RE : Timeliness of Hearings and Decisions

  1. Subsection 48.9(1) of the Canadian Human Rights Act stipulates that proceedings before the Tribunal shall be conducted as informally and expeditiously as the requirements of natural justice and the rules of procedure allow.
  1. In the recent case of Nova Scotia Construction Safety Association v. Nova Scotia Human Rights Commission, 2006 NSCA 63, the Court made the following observations in regard to the adjudication of human rights complaints in that province:
  1. While ad hoc tribunal members, and busy counsel can present challenges for the scheduling of cases, when hearing days are spread out over too long a stretch of time, the process is discredited.
  2. In order for matters under the Act to be dealt with fairly and expeditiously, those involved must use best efforts to ensure that proceedings taken under the statute are effective and timely. Accommodations must be made to speed up the process and ensure that hearings are convened in a workable sequence of days, without huge gaps of time separating the hearings.
  3. Tribunal members and counsel should only agree to become involved in a human rights proceeding if their own professional schedules will permit meaningful, productive, cohesive and uninterrupted hearings.

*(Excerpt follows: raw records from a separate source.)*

(* Consider the repeated single-slot hybrid auction in which at each step $t$ each advertiser $j$ bids $(m_{jt},c_{jt})$, the auctioneer's index is $q_{jt}>0$, the effective bid is $R_{jt}=\max(m_{jt},c_{jt}q_{jt})$, the highest effective bid wins and pays (with $R_{-j}$ the highest competing effective bid) $R_{-j}$ per impression if $m_{jt}>c_{jt}q_{jt}$ and $R_{-j}/q_{jt}$ per click otherwise. Advertiser $j$ has per-click value $v_j$ and is certain of its click-through rate $p_j>0$ (its prior is the point mass at $p_j$). The bidding index strategy (with advertiser discount factor $\gamma_b\in[0,1)$) bids at each step $(B_{jt},B_{jt}/p_j)$, where $B_{jt}=\mathcal{W}_{jt}\min(1,p_j/q_{jt})$ and $\mathcal{W}_{jt}$ is the largest $W$ such that the following game has positive optimal expected $\gamma_b$-discounted value: starting at step $t$, at each step $s\ge t$ the advertiser may stop or continue, and if it continues it gains $v_jp_j-W\min(1,p_j/q_{js})$. Then: (1) if $q_{jt}\le p_j$ for all $t$, the bidding index strategy reduces to bidding $(v_jp_j,v_j)$; this is equivalent to bidding $(v_jp_j,0)$ and is socially optimal (i.e. the impression goes to an advertiser with the largest $v_jp_j$); (2) if $q_{jt}\ge p_j$ for all $t$ and $q_{jt}$ is monotonically decreasing in $t$, the bidding index strategy reduces to bidding $(v_jp_j,v_j)$.
   Context: ''Equivalent'' bids are bids yielding the same effective bid and the same pricing. *)

From Stdlib Require Import Reals Lra.
From Coquelicot Require Import Coquelicot.
Open Scope R_scope.

(** A bid is a pair (m, c): per-impression bid m, per-click bid c. *)
Definition bid := (R * R)%type.

Definition eff_bid (q : R) (b : bid) : R := Rmax (fst b) (snd b * q).

Inductive pricing := PerImpression (price : R) | PerClick (price : R).

Definition price_rule (q : R) (b : bid) (Rm : R) : pricing :=
  if Rlt_dec (snd b * q) (fst b) then PerImpression Rm else PerClick (Rm / q).

(** Expected charge for one impression of an advertiser with click-through
    rate p (per-click prices are paid with probability p). *)
Definition expected_charge (p : R) (pr : pricing) : R :=
  match pr with PerImpression r => r | PerClick r => p * r end.

Definition equivalent_bids (p q : R) (b1 b2 : bid) : Prop :=
  eff_bid q b1 = eff_bid q b2 /\
  forall Rm : R, expected_charge p (price_rule q b1 Rm)
               = expected_charge p (price_rule q b2 Rm).

Definition gain (v p W : R) (q : nat -> R) (s : nat) : R :=
  v * p - W * Rmin 1 (p / q s).

Fixpoint psum (f : nat -> R) (N : nat) : R :=
  match N with O => 0 | S n => psum f n + f n end.

(** Deterministic stopping policies (the game is deterministic since the
    prior is a point mass): [Some N] = continue for N steps t,...,t+N-1 then
    stop; [None] = never stop. *)
Definition policy_value (g : nat -> R) (gam : R) (t : nat) (pol : option nat) : R :=
  match pol with
  | Some N => psum (fun k => gam ^ k * g (t + k)%nat) N
  | None => Series (fun k => gam ^ k * g (t + k)%nat)
  end.

Definition optimal_value_positive (v p : R) (q : nat -> R) (gam : R) (t : nat) (W : R) : Prop :=
  Rbar_lt 0 (Lub_Rbar (fun x => exists pol, x = policy_value (gain v p W q) gam t pol)).

Definition index_W (v p : R) (q : nat -> R) (gam : R) (t : nat) : R :=
  real (Lub_Rbar (fun W => optimal_value_positive v p q gam t W)).

Definition index_B (v p : R) (q : nat -> R) (gam : R) (t : nat) : R :=
  index_W v p q gam t * Rmin 1 (p / q t).

Definition index_bid (v p : R) (q : nat -> R) (gam : R) (t : nat) : bid :=
  (index_B v p q gam t, index_B v p q gam t / p).

(* Write c_s = min(1, p/q_s).  If c_t > 0 is the least of the c_s, s >= t, then
   every step of the stopping game has gain at most v p - W c_t, so the game has
   positive value exactly when W < v p / c_t: stopping after one step already
   gains v p - W c_t > 0, and otherwise every policy gains at most 0.  Hence
   W_t = v p / c_t and B_t = v p.  Under (1) all c_s equal 1; under (2)
   c_s = p/q_s is nondecreasing in s. *)

From Stdlib Require Import Reals Lra.
From Coquelicot Require Import Coquelicot.
Open Scope R_scope.

Lemma sum_n_nonpos (a : nat -> R) :
  (forall k, a k <= 0) -> forall n, sum_n a n <= 0.
Proof.
  intros Ha n; induction n as [|n IH].
  - rewrite sum_O; apply Ha.
  - rewrite sum_Sn; unfold plus; simpl. specialize (Ha (S n)). lra.
Qed.

Lemma policy_value_nonpos (g : nat -> R) (gam : R) (t : nat) :
  0 <= gam -> (forall k, g (t + k)%nat <= 0) ->
  forall pol, policy_value g gam t pol <= 0.
Proof.
  intros Hgam Hg.
  assert (Hterm : forall k, gam ^ k * g (t + k)%nat <= 0).
  { intros k. assert (Hpow := pow_le gam k Hgam). specialize (Hg k). nra. }
  intros [N|]; simpl.
  - induction N as [|N IH]; simpl; [lra|]. specialize (Hterm N). lra.
  - unfold Series.
    assert (Hlim : Rbar_le (Lim_seq (sum_n (fun k => gam ^ k * g (t + k)%nat))) 0).
    { rewrite <- (Lim_seq_const 0). apply Lim_seq_le_loc. exists O.
      intros n _. now apply sum_n_nonpos. }
    destruct (Lim_seq _); simpl in *; lra.
Qed.

Lemma Lub_Rbar_lt (a : R) : Lub_Rbar (fun x => x < a) = Finite a.
Proof.
  apply is_lub_Rbar_unique. split.
  - intros x Hx. simpl. lra.
  - intros [b| |] Hb; simpl; auto.
    + destruct (Rle_or_lt a b) as [|Hba]; auto.
      specialize (Hb ((b + a) / 2) ltac:(lra)). simpl in Hb. lra.
    + exact (Hb (a - 1) ltac:(lra)).
Qed.

Section MinimalCurrentRatio.

Variables (v p : R) (q : nat -> R) (gam : R) (t : nat).
Hypotheses (Hgam : 0 <= gam) (Hv : 0 <= v) (Hp : 0 < p).
Hypothesis Hratio_pos : 0 < Rmin 1 (p / q t).
Hypothesis Hratio_min : forall k, Rmin 1 (p / q t) <= Rmin 1 (p / q (t + k)%nat).

Lemma optimal_value_positive_iff (W : R) :
  optimal_value_positive v p q gam t W <-> W < v * p / Rmin 1 (p / q t).
Proof.
  set (c := Rmin 1 (p / q t)) in *.
  assert (Hc : v * p / c * c = v * p) by (field; lra).
  unfold optimal_value_positive.
  destruct (Lub_Rbar_correct
              (fun x => exists pol, x = policy_value (gain v p W q) gam t pol))
    as [Hub Hlub].
  split.
  - intros Hpos. destruct (Rlt_or_le W (v * p / c)) as [|Hge]; [assumption|exfalso].
    assert (HWc : v * p <= W * c) by nra.
    assert (HW : 0 <= W) by nra.
    assert (Hle : Rbar_le (Lub_Rbar (fun x => exists pol,
                    x = policy_value (gain v p W q) gam t pol)) 0).
    { apply Hlub. intros x [pol ->]. simpl. apply policy_value_nonpos; auto.
      intros k. unfold gain. specialize (Hratio_min k). nra. }
    destruct (Lub_Rbar _); simpl in *; lra.
  - intros HW.
    assert (Hone_step : policy_value (gain v p W q) gam t (Some 1%nat)
                        = v * p - W * c).
    { simpl. rewrite Nat.add_0_r. unfold gain, c. ring. }
    assert (Hgain : 0 < v * p - W * c).
    { apply (Rmult_lt_compat_r c) in HW; lra. }
    specialize (Hub _ (ex_intro _ (Some 1%nat) (eq_sym Hone_step))).
    destruct (Lub_Rbar _); simpl in *; lra.
Qed.

Lemma index_B_eq : index_B v p q gam t = v * p.
Proof.
  unfold index_B, index_W.
  rewrite (Lub_Rbar_eqset _ (fun W => W < v * p / Rmin 1 (p / q t)))
    by exact optimal_value_positive_iff.
  rewrite Lub_Rbar_lt. simpl. field. lra.
Qed.

Lemma index_bid_eq : index_bid v p q gam t = (v * p, v).
Proof.
  unfold index_bid. rewrite index_B_eq. f_equal. field. lra.
Qed.

End MinimalCurrentRatio.

Lemma Rmin_1_div_le (p x : R) : 0 < x -> x <= p -> Rmin 1 (p / x) = 1.
Proof.
  intros Hx Hxp. apply Rmin_left.
  apply (Rmult_le_reg_r x); [lra|]. unfold Rdiv. rewrite Rmult_assoc, Rinv_l; lra.
Qed.

Lemma Rmin_1_div_ge (p x : R) : 0 < x -> p <= x -> Rmin 1 (p / x) = p / x.
Proof.
  intros Hx Hpx. apply Rmin_right.
  apply (Rmult_le_reg_r x); [lra|]. unfold Rdiv. rewrite Rmult_assoc, Rinv_l; lra.
Qed.

Lemma nonincreasing_le_shift (q : nat -> R) :
  (forall s, q (S s) <= q s) -> forall t k, q (t + k)%nat <= q t.
Proof.
  intros Hq t k. induction k as [|k IH].
  - rewrite Nat.add_0_r; lra.
  - rewrite Nat.add_succ_r. specialize (Hq (t + k)%nat). lra.
Qed.

Lemma index_bid_low_index (v p : R) (q : nat -> R) (gam : R) (t : nat) :
  0 <= gam -> 0 <= v -> 0 < p -> (forall s, 0 < q s /\ q s <= p) ->
  index_bid v p q gam t = (v * p, v).
Proof.
  intros Hgam Hv Hp Hq.
  apply index_bid_eq; auto.
  - rewrite Rmin_1_div_le by apply Hq. lra.
  - intros k. rewrite !Rmin_1_div_le by apply Hq. lra.
Qed.

Lemma index_bid_decreasing_index (v p : R) (q : nat -> R) (gam : R) (t : nat) :
  0 <= gam -> 0 <= v -> 0 < p -> (forall s, 0 < q s /\ p <= q s) ->
  (forall s, q (S s) <= q s) ->
  index_bid v p q gam t = (v * p, v).
Proof.
  intros Hgam Hv Hp Hq Hdec.
  destruct (Hq t) as [Hqt _].
  apply index_bid_eq; auto.
  - rewrite Rmin_1_div_ge by apply Hq. apply Rdiv_lt_0_compat; lra.
  - intros k. destruct (Hq (t + k)%nat) as [Hqtk _].
    rewrite !Rmin_1_div_ge by apply Hq.
    apply Rmult_le_compat_l; [lra|].
    apply Rinv_le_contravar; [lra|]. now apply nonincreasing_le_shift.
Qed.

Lemma eff_bid_value_bid (v p x : R) :
  0 <= v -> 0 < x -> x <= p -> eff_bid x (v * p, v) = v * p.
Proof.
  intros Hv Hx Hxp. unfold eff_bid; simpl. apply Rmax_left. nra.
Qed.

Lemma equivalent_bids_drop_click_bid (v p x : R) :
  0 <= v -> 0 < x -> x <= p -> equivalent_bids p x (v * p, v) (v * p, 0).
Proof.
  intros Hv Hx Hxp. split.
  - rewrite eff_bid_value_bid by assumption.
    unfold eff_bid; simpl. rewrite Rmax_left; nra.
  - intros Rm. unfold price_rule; simpl.
    destruct (Rlt_dec (v * x) (v * p)) as [H1|H1];
      destruct (Rlt_dec (0 * x) (v * p)) as [H2|H2]; simpl; try reflexivity.
    + exfalso. nra.
    + (* v > 0 and x = p: per click at R/x with CTR p is a charge of R *)
      assert (Hxp_eq : x = p) by nra.
      subst x. field. lra.
Qed.

Theorem theorem6 :
  (forall (n : nat) (v p : nat -> R) (q : nat -> nat -> R) (gam : R),
     0 <= gam < 1 ->
     (forall k, (k < n)%nat -> 0 < p k /\ 0 <= v k /\
        forall t, 0 < q k t /\ q k t <= p k) ->
     forall t : nat,
       (forall k, (k < n)%nat ->
          index_bid (v k) (p k) (q k) gam t = (v k * p k, v k) /\
          equivalent_bids (p k) (q k t) (v k * p k, v k) (v k * p k, 0)) /\
       (forall i, (i < n)%nat ->
          (forall k, (k < n)%nat ->
             eff_bid (q k t) (index_bid (v k) (p k) (q k) gam t)
             <= eff_bid (q i t) (index_bid (v i) (p i) (q i) gam t)) ->
          forall k, (k < n)%nat -> v k * p k <= v i * p i)) /\
  (forall (v p : R) (q : nat -> R) (gam : R),
     0 <= gam < 1 -> 0 < p -> 0 <= v ->
     (forall t, 0 < q t /\ p <= q t) ->
     (forall t, q (S t) <= q t) ->
     forall t, index_bid v p q gam t = (v * p, v)).
Proof.
  split.
  - intros n v p q gam Hgam Hadv t.
    assert (Hbid : forall k, (k < n)%nat ->
              index_bid (v k) (p k) (q k) gam t = (v k * p k, v k)).
    { intros k Hk. destruct (Hadv k Hk) as [Hp [Hv Hq]].
      apply index_bid_low_index; auto; lra. }
    assert (Heff : forall k, (k < n)%nat ->
              eff_bid (q k t) (index_bid (v k) (p k) (q k) gam t) = v k * p k).
    { intros k Hk. rewrite Hbid by exact Hk.
      destruct (Hadv k Hk) as [_ [Hv Hq]].
      apply eff_bid_value_bid; apply Hq || exact Hv. }
    split.
    + intros k Hk. split; [now apply Hbid|].
      destruct (Hadv k Hk) as [_ [Hv Hq]].
      apply equivalent_bids_drop_click_bid; apply Hq || exact Hv.
    + intros i Hi Hwin k Hk. specialize (Hwin k Hk).
      now rewrite (Heff k Hk), (Heff i Hi) in Hwin.
  - intros v p q gam Hgam Hp Hv Hq Hdec t.
    apply index_bid_decreasing_index; auto; lra.
Qed.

  4. Absent some extraordinary excuse such as serious illness or accident, or extended hospitalization, or other unforeseen calamity, the time for rendering judgment in the human rights field should be the same as what is expected in the judicial sphere, that is within six months of the hearing, if not sooner than that.
  5. Recognizing the well known principle that a key objective of human rights legislation is to be remedial, the process for inquiring into and exposing acts of discrimination must be expeditious in order to be effective. Otherwise, the salutary benefit of public scrutiny, enlightenment and appropriate redress in the face of proved violations, is lost. An efficient and timely disposition of complaints is in the interest of both complainants and those whose behaviour is impugned. It is also in the public interest.
  1. This last point has also been underscored by the Federal Court (Trial Division) when it stated that there is a public interest in having complaints of discrimination dealt with expeditiously. Bell Canada v. C.E.P. (1997), 31 C.H.R.R. D/65
  2. In the spirit of the foregoing, all participants in CHRA inquiries are reminded of their obligation to assist in the timely completion of the hearing and deliberation process.
  3. Moreover, the Tribunal intends to adhere firmly to the Parliament’s directive in subsection 48.9(1), and to release decisions as often as possible within a four month time frame, in keeping with its stated commitment to Parliamentarians and Canadians as a whole.